I want to run PIG in local mode, which is very easy pig -x local file.pig

My requirement is to run PIG in local mode from OOZIE? Is it possible as i think OOZIE will automatically launch map task first?

AddWeb Solution Pvt Ltd
  • 21,025
  • 5
  • 26
  • 57

2 Answers2

0

It's possible. When a pig script is run by Oozie, it's run as a one-map map-reduce job, which only runs the pig script, which in turn runs other map-reduce jobs (when pig is run in mapred mode).
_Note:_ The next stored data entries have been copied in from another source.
(* Let $k$ be a perfect field of characteristic $p$, let $M(x)\in M_n(k[x])$, and let $I_1(x,T),\dots,I_n(x,T)\in k[x,T]$ be the invariant factors of $M(x)$ (viewed as a matrix over $k(x)$). Let $\ell$ be a finite extension of $k$, $a\in\ell$, let $M(a)\in M_n(\ell)$ be the evaluation of $M(x)$ at $x=a$, and let $I_{1,a}(T),\dots,I_{n,a}(T)$ be the invariant factors of $M(a)$. Set $G_j(x,T)=I_1(x,T)\cdots I_j(x,T)$ and $G_{j,a}(T)=I_{1,a}(T)\cdots I_{j,a}(T)$. Then for every $a\in\ell$ and every $j\in\{1,\dots,n\}$, the polynomial $G_j(a,T)$ divides $G_{j,a}(T)$ in $\ell[T]$.
   Context: For a square matrix $N$ of size $n$ over a field $K$, its invariant factors are the unique monic polynomials $I_1\mid I_2\mid\cdots\mid I_n$ in $K[T]$ (with the convention that exactly $n$ of them are listed, some possibly equal to $1$) such that $N$ is similar to the block-diagonal matrix whose diagonal blocks are the companion matrices of $I_1,\dots,I_n$. The invariant factors of $M(x)$ have their product equal to the characteristic polynomial and lie in $k[x,T]$. *)

From HB Require Import structures.
From mathcomp Require Import all_boot all_order all_algebra all_field.
Set Implicit Arguments. Unset Strict Implicit. Unset Printing Implicit Defensive.
Import Order.TTheory GRing.Theory.
Local Open Scope ring_scope.

Definition has_char (K : fieldType) (p : nat) : Prop :=
  if p == 0%N then [pchar K] =i pred0 else p \in [pchar K].

Definition perfect_field (K : fieldType) : Prop :=
  [pchar K] =i pred0 \/
  exists2 p, p \in [pchar K] & forall x : K, exists y : K, y ^+ p = x.

Definition invariant_factors (K : fieldType) (n : nat) (N : 'M[K]_n)
    (I : 'I_n -> {poly K}) : Prop :=
  [/\ forall i, I i \is monic,
      forall i j : 'I_n, (i <= j)%N -> I i %| I j
    & exists e : (\sum_(i < n) (size (I i)).-1)%N = n,
      exists2 P : 'M[K]_n, P \in unitmx &
        P *m N *m invmx P
        = castmx (e, e) (\mxdiag_(i < n) companionmx (I i : seq K))].

(* G_j = I_1 ... I_j (j = i+1 for i : 'I_n). *)
Definition partial_prod (R : comNzRingType) (n : nat) (I : 'I_n -> R) (j : nat) : R :=
  \prod_(i < n | (i < j)%N) I i.

From HB Require Import structures.
From mathcomp Require Import all_boot all_order all_algebra all_field perm zify.
Set Implicit Arguments. Unset Strict Implicit. Unset Printing Implicit Defensive.
Import GRing.Theory.
Local Open Scope ring_scope.

(* Over a field K, ['X%:M - N] is equivalent over K[X] to the diagonal matrix of
   the invariant factors of N: conjugating N by a constant matrix is such an
   equivalence, ['X%:M - companionmx q] is equivalent to [diag(1, ..., 1, q)]
   through explicit unimodular row and column operations, and the diagonal so
   obtained is a permutation of [diag(I_1, ..., I_n)]. Hence [G_j = I_1 ... I_j]
   divides every j-minor of ['X%:M - N], and every common divisor of these minors
   divides [G_j].
   The j-minors of ['X%:M - M(x)] lie in k[x][T]; they are divisible by the monic
   [G_j(x, T)] in k(x)[T], hence already in k[x][T]. Evaluating at [x = a] shows
   that [G_j(a, T)] divides every j-minor of ['X%:M - M(a)], hence divides
   [G_{j,a}]. *)

Section TwoSidedMultiples.
Variable R : comUnitRingType.

Definition dvdmx m n m' n' (A : 'M[R]_(m, n)) (B : 'M[R]_(m', n')) :=
  exists X Y, B = X *m A *m Y.

Definition eqvmx m n m' n' (A : 'M[R]_(m, n)) (B : 'M[R]_(m', n')) :=
  dvdmx A B /\ dvdmx B A.

Lemma dvdmx_trans m1 n1 m2 n2 m3 n3 (A : 'M[R]_(m1, n1)) (B : 'M[R]_(m2, n2))
    (C : 'M[R]_(m3, n3)) :
  dvdmx A B -> dvdmx B C -> dvdmx A C.
Proof.
move=> [X [Y ->]] [X' [Y' ->]]; exists (X' *m X), (Y *m Y').
by rewrite !mulmxA.
Qed.

Lemma eqvmx_sym m n m' n' (A : 'M[R]_(m, n)) (B : 'M[R]_(m', n')) :
  eqvmx A B -> eqvmx B A.
Proof. by case. Qed.

Lemma eqvmx_trans m1 n1 m2 n2 m3 n3 (A : 'M[R]_(m1, n1)) (B : 'M[R]_(m2, n2))
    (C : 'M[R]_(m3, n3)) :
  eqvmx A B -> eqvmx B C -> eqvmx A C.
Proof.
by move=> [AB BA] [BC CB]; split; [apply: dvdmx_trans BC | apply: dvdmx_trans BA].
Qed.

Lemma dvdmx_mxsub m n m' n' (f : 'I_m' -> 'I_m) (g : 'I_n' -> 'I_n) (A : 'M[R]_(m, n)) :
  dvdmx A (mxsub f g A).
Proof.
exists (rowsub f 1%:M), (colsub g 1%:M).
by rewrite mul_rowsub_mx mul1mx mulmx_colsub mulmx1 mxsubcr.
Qed.

Lemma eqvmx_mxsub m n m' n' (f : 'I_m' -> 'I_m) (g : 'I_n' -> 'I_n)
    (f' : 'I_m -> 'I_m') (g' : 'I_n -> 'I_n') (A : 'M[R]_(m, n)) :
  cancel f' f -> cancel g' g -> eqvmx A (mxsub f g A).
Proof.
move=> ff' gg'; split; first exact: dvdmx_mxsub.
have subK : mxsub f' g' (mxsub f g A) = A.
  by apply/matrixP => i j; rewrite !mxE ff' gg'.
by rewrite -[X in dvdmx _ X]subK; apply: dvdmx_mxsub.
Qed.

Lemma eqvmx_unit n (X Y A : 'M[R]_n) :
  X \in unitmx -> Y \in unitmx -> eqvmx A (X *m A *m Y).
Proof.
move=> uX uY; split; first by exists X, Y.
by exists (invmx X), (invmx Y); rewrite -mulmxA mulmxK // mulKmx.
Qed.

Lemma mulmx_mxdiag p (p_ : 'I_p -> nat) (A B : forall i, 'M[R]_(p_ i)) :
  \mxdiag_i A i *m \mxdiag_i B i = \mxdiag_i (A i *m B i).
Proof.
rewrite {2}/mxdiag mul_mxdiag_mxblock /mxdiag; apply/eq_mxblock => i j.
by case: eqVneq => [<-|_]; rewrite ?conform_mx_id ?mulmx0.
Qed.

Lemma dvdmx_mxdiag p (p_ : 'I_p -> nat) (A B : forall i, 'M[R]_(p_ i)) :
  (forall i, exists X Y, B i = X *m A i *m Y) -> dvdmx (\mxdiag_i A i) (\mxdiag_i B i).
Proof.
move=> AB; have [X XAB] := fin_all_exists AB; have [Y {}XAB] := fin_all_exists XAB.
exists (\mxdiag_i X i), (\mxdiag_i Y i).
by rewrite !mulmx_mxdiag; apply: eq_mxdiag.
Qed.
It seems, that Pig action configuration doesn't allow running in local mode, but you can still run Pig script in local mode using shell action type. You only have to make sure, that your script, input and output data are in HDFS.

Mikhail Golubtsov
  • 6,285
  • 3
  • 29
  • 36
  • Thanks for the answer But Pig in local mode load/store data from local file system instead of HDFS. Keeping pig on hdfs make sense but input and output path on hdfs doest makes sense ? Can you show me how to write the oozie workflow for that ? – Vishal Donderia Aug 03 '15 at 11:42
  • You should be aware how Oozie runs things. It runs pig or shell scripts as map-reduce jobs with one mapper and no reducers. Therefore an execution node is selected randomly from the map-reduce cluster. So you can not say ahead which node will run your script. Because of that there is no point in using local filesystem, use HDFS because it's available on all nodes. Use full URI in form of 'hdfs://namenode:port/path/to/file' to refer HDFS paths in a pig script. – Mikhail Golubtsov Aug 03 '15 at 11:56
  • It would be great if you have provided some reasoning when running pig in a local mode with Oozie is useful. – Mikhail Golubtsov Aug 03 '15 at 12:02
  • All all job scheduling we use oozie frame work, so we want to use the same frame work but run pig in local mode as with less amount in data local model is faster than mapred mode – Vishal Donderia Aug 03 '15 at 12:16
0

I don't think, we can run pig in local mode from oozie. Comment which Vishal wrote makes sense. In some cases, where there is lesser amount of data, Its better to go for pig in local mode. To run in local mode, you can run by writing a shell script and scheduling that in crontab.If you try this through oozie. Upto my knowledge It won't suit well , because Oozie is meant to run in HDFS.

If you want oozie to run on some data . It expects that data to be in HDFS (i.e distributed).And You must have the pig script as well in hdfs.I rembered seeing post from AlanGates where he mentioned PIG is designed to process data from/to HDFS and hive is for local to HDFS or HDFS to HDFS.

Govind
  • 419
  • 8
  • 25